This is a current limitation of the field rather than a flaw of any specific party. The data is sensitive, the platforms holding it are still maturing, and the discipline is establishing which measurements are most useful. As cloud cost benchmarks became publicly available over the past decade, agent reliability benchmarks are likely to follow a similar trajectory. Until they do, claims about the reliability tax in this paper are estimates built on incomplete data. The framework structure holds; specific reliability constants do not.

5. TBM 5.0 mapping

The mapping table below connects the seven cost layers to the financial categories defined in TBM Taxonomy version 5.0.1.

Reference framework

TBM 5.0.1, published by the TBM Council in July 2025, organizes technology cost across four layers: Cost Pools (the source of spend), Resource Towers (where the spend is applied), Solutions (what is delivered), and Consumers (who consumes the delivered services). (TBM Council, TBM Taxonomy Version 5.0.1, July 2025, https://www.tbmcouncil.org/taxonomy/.)

Two properties of TBM 5.0.1 directly affect agent cost mapping.

First, Artificial Intelligence is a Solution category, not a Resource Tower. The category contains five sub-categories: Agentic, Generative, Interpretive, Predictive, and Prescriptive. Agentic AI is one sub-category, with three further sub-types: Autonomous Navigation, Autonomous Workflow Agent, and Intelligent Process Automation. Cost associated with operating an agent therefore distributes across multiple Resource Towers and rolls up to the Agentic AI Solution category. Mapping all agent cost to an "AI Tower" misrepresents the structure of TBM 5.0.

Second, the cost pool for cloud spend in TBM 5.0.1 is "Cloud Services," not "Public Cloud." An earlier draft of the taxonomy proposed a dedicated Public Cloud cost pool; the published version did not adopt this proposal. Cloud Services covers public, private, and hybrid IaaS and PaaS. SaaS is categorized separately under Software & SaaS / SaaS. For agent cost mapping, this means most API-billed inference spend lands in Cloud Services / Cloud Service Provider, while subscription-billed AI platforms land in Software & SaaS / SaaS.

Mapping table

Layer	Cost Pool	Resource Tower	Solution
1. Inference	Cloud Services / Cloud Service Provider	AI Compute (self-hosted) or Application / AI Models (API)	Agentic
2. Context and Memory	Cloud Services or Software & SaaS / SaaS	AI Storage; Data / Data Operations	Agentic
3. Orchestration	Cloud Services	Application / Container Orchestration or Application / AI Models	Agentic
4. External APIs	Outside Services or Software & SaaS	Domain-specific (varies by tool)	Agentic
5. Fine-tuning and Training	Cloud Services + Staffing	AI Compute; AI Storage; Data / Data Operations	Agentic
6. Evaluation	Cloud Services + Software & SaaS	Application / AI Models	Agentic
7. Governance	Staffing + Software & SaaS	Risk & Compliance; Security	Agentic

Mapping observations

Five distinct Resource Towers carry agent cost in this mapping. This is not a deficiency in TBM 5.0; it reflects the architectural reality that an agent is a system spanning multiple infrastructure and application categories. A finance organization that allocates all agent spend to a single tower obscures information that the taxonomy is designed to make visible.

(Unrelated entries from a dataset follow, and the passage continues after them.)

(* For all positive integers $N$ and $W$ there exists a real polynomial $F$ of degree $k$, where $k\le\left\lfloor\frac{16}{7}W^{1/4}\sqrt{N}\right\rfloor+4$, such that \[F(0)>W\sum_{i=1}^N|F(i)|.\] *)

From mathcomp Require Import all_boot all_order all_algebra.
From mathcomp Require Import reals.

(* Let T_m be the Chebyshev polynomial and Q_m(x) = (1 - T_m(x)) / (1 - x), a
   polynomial of degree m - 1 with Q_m(1) = T_m'(1) = m^2.  Since |T_m| <= 1 on
   [-1, 1], we get |(1 - x) Q_m(x)| <= 2 there.  The polynomial
   F(y) = Q_m(1 - 2y/N)^2 of degree 2m - 2 thus satisfies F(0) = m^4 and
   |F(i)| <= (N/i)^2 for 1 <= i <= N, so that sum_i |F(i)| <= (5/3) N^2.
   Choosing m = floor(a) + 1 with a = (8/7) W^(1/4) sqrt N gives
   deg F <= 2a and F(0) > a^4 = (4096/2401) W N^2 > (5/3) W N^2. *)

From mathcomp Require Import all_boot all_order all_algebra.
From mathcomp Require Import reals.
From mathcomp Require Import ring lra.
Import Order.TTheory GRing.Theory Num.Theory.
Local Open Scope ring_scope.

Lemma size_polyD_le {R : nzSemiRingType} {p q : {poly R}} {n : nat} :
  (size p <= n)%N -> (size q <= n)%N -> (size (p + q)%R <= n)%N.
Proof. by move=> hp hq; rewrite (leq_trans (size_polyD p q)) // geq_max hp. Qed.

Lemma size_polyM_le {R : nzSemiRingType} {p q : {poly R}} {m n : nat} :
  (size p <= m)%N -> (size q <= n)%N -> (size (p * q)%R <= (m + n).-1)%N.
Proof.
move=> hp hq; rewrite (leq_trans (size_polyMleq p q)) // -!subn1 leq_sub2r //.
exact: leq_add.
Qed.

Section Chebyshev.
Variable R : comNzRingType.

(* [chebU m] is the Chebyshev polynomial of the second kind U_(m-1). *)
Fixpoint chebT (m : nat) : {poly R} :=
  if m is m'.+1 then 'X * chebT m' + ('X^2 - 1) * chebU m' else 1
with chebU (m : nat) : {poly R} :=
  if m is m'.+1 then chebT m' + 'X * chebU m' else 0.

Fixpoint chebQ (m : nat) : {poly R} :=
  if m is m'.+1 then chebQ m' + chebT m' + ('X + 1) * chebU m' else 0.

Lemma chebTU_Pell m : chebT m ^+ 2 - ('X^2 - 1) * chebU m ^+ 2 = 1.
Proof. by elim: m => [|m IH] /=; [ring | rewrite -[RHS]IH; ring]. Qed.

Lemma mul_1subX_chebQ m : (1 - 'X) * chebQ m = 1 - chebT m.
Proof. by elim: m => [|m IH] /=; [ring | rewrite !mulrDr IH; ring]. Qed.

Lemma size_chebTU m : (size (chebT m) <= m.+1)%N /\ (size (chebU m) <= m)%N.
Proof.
elim: m => [|m [hT hU]] /=; first by rewrite size_poly1 size_poly0.
have hX : (size ('X : {poly R}) <= 2)%N by rewrite size_polyX.
have hX21 : (size ('X^2 - 1 : {poly R})%R <= 3)%N by rewrite -polyC1 size_XnsubC.
split; apply: size_polyD_le.
- exact: size_polyM_le hX hT.
- exact: size_polyM_le hX21 hU.
- exact: leq_trans hT _.
- exact: size_polyM_le hX hU.
Qed.

Lemma size_chebQ m : (size (chebQ m) <= m)%N.
Proof.
elim: m => [|m IH] /=; first by rewrite size_poly0.
have [hT hU] := size_chebTU m.
have hX1 : (size ('X + 1 : {poly R})%R <= 2)%N by rewrite -polyC1 size_XaddC.
apply: size_polyD_le; first exact: size_polyD_le (leq_trans IH _) hT.
exact: size_polyM_le hX1 hU.
Qed.

Lemma chebTUQ_horner1 m :
  [/\ (chebT m).[1] = 1, (chebU m).[1] = m%:R & (chebQ m).[1] = (m ^ 2)%:R].
Proof.
elim: m => [|m [hT hU hQ]] /=; first by rewrite hornerC horner0.
by rewrite !hornerE hT hU hQ !natrX -natr1; split; ring.
Qed.

End Chebyshev.

Lemma chebQ_horner_bound {R : realFieldType} m (x : R) :
  -1 <= x <= 1 -> `|(1 - x) * (chebQ R m).[x]| <= 2.
Proof.
move=> /andP [x_ge x_le].
have := congr1 (horner^~ x) (chebTU_Pell R m).
rewrite !(hornerD, hornerN, hornerM, horner_exp, hornerX, hornerC) => Pell.
have := congr1 (horner^~ x) (mul_1subX_chebQ R m).
rewrite !(hornerD, hornerN, hornerM, hornerX, hornerC) => ->.
have x_sqr_le1 : x * x <= 1 by nra.
have U_term_ge0 : 0 <= (1 - x * x) * ((chebU R m).[x] * (chebU R m).[x]).
  by rewrite mulr_ge0 ?subr_ge0 // -expr2 sqr_ge0.
have T_sqr_le1 : (chebT R m).[x] * (chebT R m).[x] <= 1 by lra.
by rewrite ler_norml; apply/andP; split; nra.
Qed.

Section InverseSquares.
Variable R : realFieldType.

Lemma sum_inv_sqr_telescope n :
  \sum_(1 <= i < n.+2) (i%:R^-1 : R) ^+ 2 <= 5 / 3 - 2 / (2 * n%:R + 3).
Proof.
elim: n => [|n IH]; first by rewrite big_nat1 invr1 expr1n mulr0 add0r; lra.
rewrite big_nat_recr //= -[n.+2%:R]natr1 -[n.+1%:R]natr1.
have n_ge0 : 0 <= n%:R :> R by [].
have step : ((n%:R + 1 + 1)^-1) ^+ 2 <= 2 / (2 * n%:R + 3) - 2 / (2 * (n%:R + 1) + 3) :> R.
  rewrite -subr_ge0.
  have -> : 2 / (2 * n%:R + 3) - 2 / (2 * (n%:R + 1) + 3) - ((n%:R + 1 + 1)^-1) ^+ 2
      = ((n%:R + 2) ^+ 2 * (2 * n%:R + 3) * (2 * n%:R + 5))^-1 :> R.
    by field; rewrite !lt0r_neq0 //; lra.
  by rewrite invr_ge0 !mulr_ge0 ?sqr_ge0 //; lra.
lra.
Qed.

Lemma sum_inv_sqr_le n : \sum_(1 <= i < n.+1) (i%:R^-1 : R) ^+ 2 <= 5 / 3.
Proof.
case: n => [|n]; first by rewrite big_geq //; lra.
apply: le_trans (sum_inv_sqr_telescope n) _.
have : 0 <= 2 / (2 * n%:R + 3) :> R by rewrite divr_ge0 // addr_ge0 ?mulr_ge0.
lra.
Qed.

End InverseSquares.

Section PeakPolynomial.
Variables (R : realFieldType) (N : nat).

Definition peak_poly (m : nat) : {poly R} :=
  (chebQ R m \Po (1 - (2 / N%:R) *: 'X)) ^+ 2.

Lemma size_peak_poly m : (size (peak_poly m.+1) <= (2 * m).+1)%N.
Proof.
have size_lin : (size (1 - (2 / N%:R) *: 'X : {poly R})%R <= 2)%N.
  rewrite size_polyD_le ?size_poly1 // size_polyN.
  by rewrite (leq_trans (size_scale_leq _ _)) ?size_polyX.
have size_comp : (size (chebQ R m.+1 \Po (1 - (2 / N%:R) *: 'X)) <= m.+1)%N.
  apply: leq_trans (size_comp_poly_leq _ _) _.
  rewrite ltnS -[X in (_ <= X)%N]muln1 leq_mul // -subn1 leq_subLR ?size_chebQ //.
rewrite /peak_poly (leq_trans (size_polyM_le size_comp size_comp)) //.
by rewrite addnn -mul2n mulnS.
Qed.

Lemma peak_poly_horner0 m : (peak_poly m).[0] = m%:R ^+ 4.
Proof.
have [_ _ Q1] := chebTUQ_horner1 R m.
rewrite /peak_poly horner_exp horner_comp !(hornerD, hornerN, hornerZ, hornerX, hornerC).
by rewrite mulr0 subr0 Q1 natrX -exprM.
Qed.

Lemma peak_poly_neq0 m : peak_poly m.+1 != 0.
Proof.
apply/eqP => F_eq0; have := peak_poly_horner0 m.+1.
by rewrite F_eq0 horner0 => /esym/eqP; rewrite expf_eq0 pnatr_eq0.
Qed.

Lemma peak_poly_horner_le m i :
  (0 < i <= N)%N -> `|(peak_poly m).[i%:R]| <= (N%:R / i%:R) ^+ 2.
Proof.
move=> /andP [i_gt0 i_leN].
have N_pos : 0 < N%:R :> R by rewrite ltr0n (leq_trans i_gt0).
have i_pos : 0 < i%:R :> R by rewrite ltr0n.
have step_pos : 0 < 2 / N%:R * i%:R :> R by rewrite !mulr_gt0 ?invr_gt0.
have step_le2 : 2 / N%:R * i%:R <= 2 :> R.
  by rewrite mulrAC ler_pdivrMr // ler_pM2l // ler_nat.
pose c : R := 1 - 2 / N%:R * i%:R.
have -> : (peak_poly m).[i%:R] = (chebQ R m).[c] ^+ 2.
  by rewrite /peak_poly horner_exp horner_comp !(hornerD, hornerN, hornerZ, hornerX, hornerC).
have c_range : -1 <= c <= 1 by apply/andP; split; rewrite /c; lra.
have := chebQ_horner_bound m c c_range.
have -> : 1 - c = 2 / N%:R * i%:R by rewrite /c; ring.
rewrite normrM gtr0_norm // => Q_le.
have Q_bound : `|(chebQ R m).[c]| <= N%:R / i%:R.
  rewrite ler_pdivlMr // mulrC -(ler_pM2l (_ : 0 < 2 / N%:R)) ?divr_gt0 //.
  by rewrite mulrA (le_trans Q_le) // divfK ?lt0r_neq0.
rewrite ger0_norm ?sqr_ge0 // -real_normK ?num_real //.
by rewrite lerXn2r ?nnegrE // divr_ge0 // ltW.
Qed.

Lemma peak_poly_sum_le m :
  \sum_(1 <= i < N.+1) `|(peak_poly m).[i%:R]| <= 5 / 3 * N%:R ^+ 2.
Proof.
rewrite (@le_trans _ _ (\sum_(1 <= i < N.+1) N%:R ^+ 2 * (i%:R^-1) ^+ 2)) //.
  apply: ler_sum_nat => i /andP [i_gt0 i_le].
  by rewrite -exprMn peak_poly_horner_le // i_gt0 -ltnS.
by rewrite -mulr_sumr mulrC ler_wpM2r ?sqr_ge0 ?sum_inv_sqr_le.
Qed.

Lemma peak_poly_dominates (w : R) m :
  0 <= w -> w * (5 / 3 * N%:R ^+ 2) < m%:R ^+ 4 ->
  w * \sum_(1 <= i < N.+1) `|(peak_poly m).[i%:R]| < (peak_poly m).[0].
Proof.
move=> w_ge0; rewrite peak_poly_horner0; apply: le_lt_trans.
by rewrite ler_wpM2l ?peak_poly_sum_le.
Qed.

End PeakPolynomial.

Lemma sqrt_sqrt_expr4 (R : rcfType) (x : R) : 0 <= x -> Num.sqrt (Num.sqrt x) ^+ 4 = x.
Proof. by move=> x_ge0; rewrite (exprM _ 2 2) !sqr_sqrtr ?sqrtr_ge0. Qed.

Theorem lemma4p5 (R : realType) (N W : nat) (hN : (0 < N)%N) (hW : (0 < W)%N) :
  exists (F : {poly R}) (k : nat),
    size F = k.+1 /\
    (k%:Z <= Num.floor ((16%:R / 7%:R) * Num.sqrt (Num.sqrt (W%:R : R)) * Num.sqrt (N%:R : R)) + 4)%R /\
    F.[0] > W%:R * \sum_(1 <= i < N.+1) `|F.[i%:R]|.
Proof.
pose a : R := 8 / 7 * Num.sqrt (Num.sqrt W%:R) * Num.sqrt N%:R.
have a_ge0 : 0 <= a by rewrite !mulr_ge0 ?invr_ge0 ?sqrtr_ge0.
have /andP [trunc_le a_lt] := truncn_itv a_ge0.
pose F := peak_poly R N (Num.truncn a).+1.
exists F, (size F).-1; split; first by rewrite prednK // size_poly_gt0 peak_poly_neq0.
split.
  have deg_le : ((size F).-1 <= 2 * Num.truncn a)%N.
    by rewrite -ltnS prednK ?size_poly_gt0 ?peak_poly_neq0 ?size_peak_poly.
  have -> : 16%:R / 7%:R * Num.sqrt (Num.sqrt W%:R) * Num.sqrt N%:R = 2 * a.
    by rewrite /a; ring.
  rewrite -[_%:Z]addr0 lerD // floor_ge_int.
  apply: (@le_trans _ _ (2 * Num.truncn a)%:R); first by rewrite -pmulrn ler_nat.
  by rewrite natrM ler_pM2l.
apply: peak_poly_dominates => //.
have a4 : a ^+ 4 = 4096 / 2401 * (W%:R * N%:R ^+ 2).
  by rewrite !exprMn sqrt_sqrt_expr4 // (exprM (Num.sqrt N%:R) 2 2) sqr_sqrtr //; field.
have : a ^+ 4 < (Num.truncn a).+1%:R ^+ 4 by rewrite ltrXn2r.
have : 0 < W%:R * N%:R ^+ 2 :> R by rewrite mulr_gt0 ?exprn_gt0 ?ltr0n.
rewrite a4; lra.
Qed.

The mapping also functions as a chargeback design. A team operating an agent integrated with a CRM should see Layer 4 (External APIs) cost flow into the Application tower for the CRM, rather than into a generic AI bucket. A team operating an agent with intensive human review should see Layer 7 (Governance) cost flow into the Risk & Compliance tower. Properly applied, this approach reduces the size of the AI line item by allocating spend to the systems that drove demand.

Operational requirements

The mapping is structural. Operational implementation requires three additional capabilities.

Tagging. Every span in the agent's execution trace must carry attributes for agent identity, user identity, and task identity. Without these, layer-level decomposition cannot be computed.

Reconciliation. Observability platforms compute cost from vendor pricing tables they maintain internally. The cloud bill is the source of truth. Reconciliation between the two must occur on a recurring schedule.

Ownership. Each row in the mapping requires explicit ownership. Layer 1 is typically owned by the engineering team building the agent. Layer 7 is typically owned by security or compliance. Layer 5 may be split. Ownership ambiguity converts the mapping from a control mechanism into a reporting artifact.

6. Cost per Successful Task

Cost per Successful Task (CST) is the unit metric the framework uses to summarize agent economics. It is defined as total cost across the seven layers, multiplied by the reliability tax, divided by the number of tasks the agent completed correctly.

Prior art

The metric is not novel. Karpushin published the same name and equation in February 2026. Gartner's January 2026 Predicts analysis uses cost-per-resolution as its central measurement for customer service agents. Intercom Fin charges $0.99 per resolution. Salesforce Agentforce charges per successful action. Ada and Decagon use comparable outcome-based pricing. The shape of the metric is established across both industry and commercial usage. (Karpushin, K., AI Agent Development Cost: Real Cost per Successful Task for 2026, Codebridge, February 2026. Gartner Press Release, January 26, 2026. Intercom Fin pricing page.)

Framework contributions

This paper extends the existing metric in two ways.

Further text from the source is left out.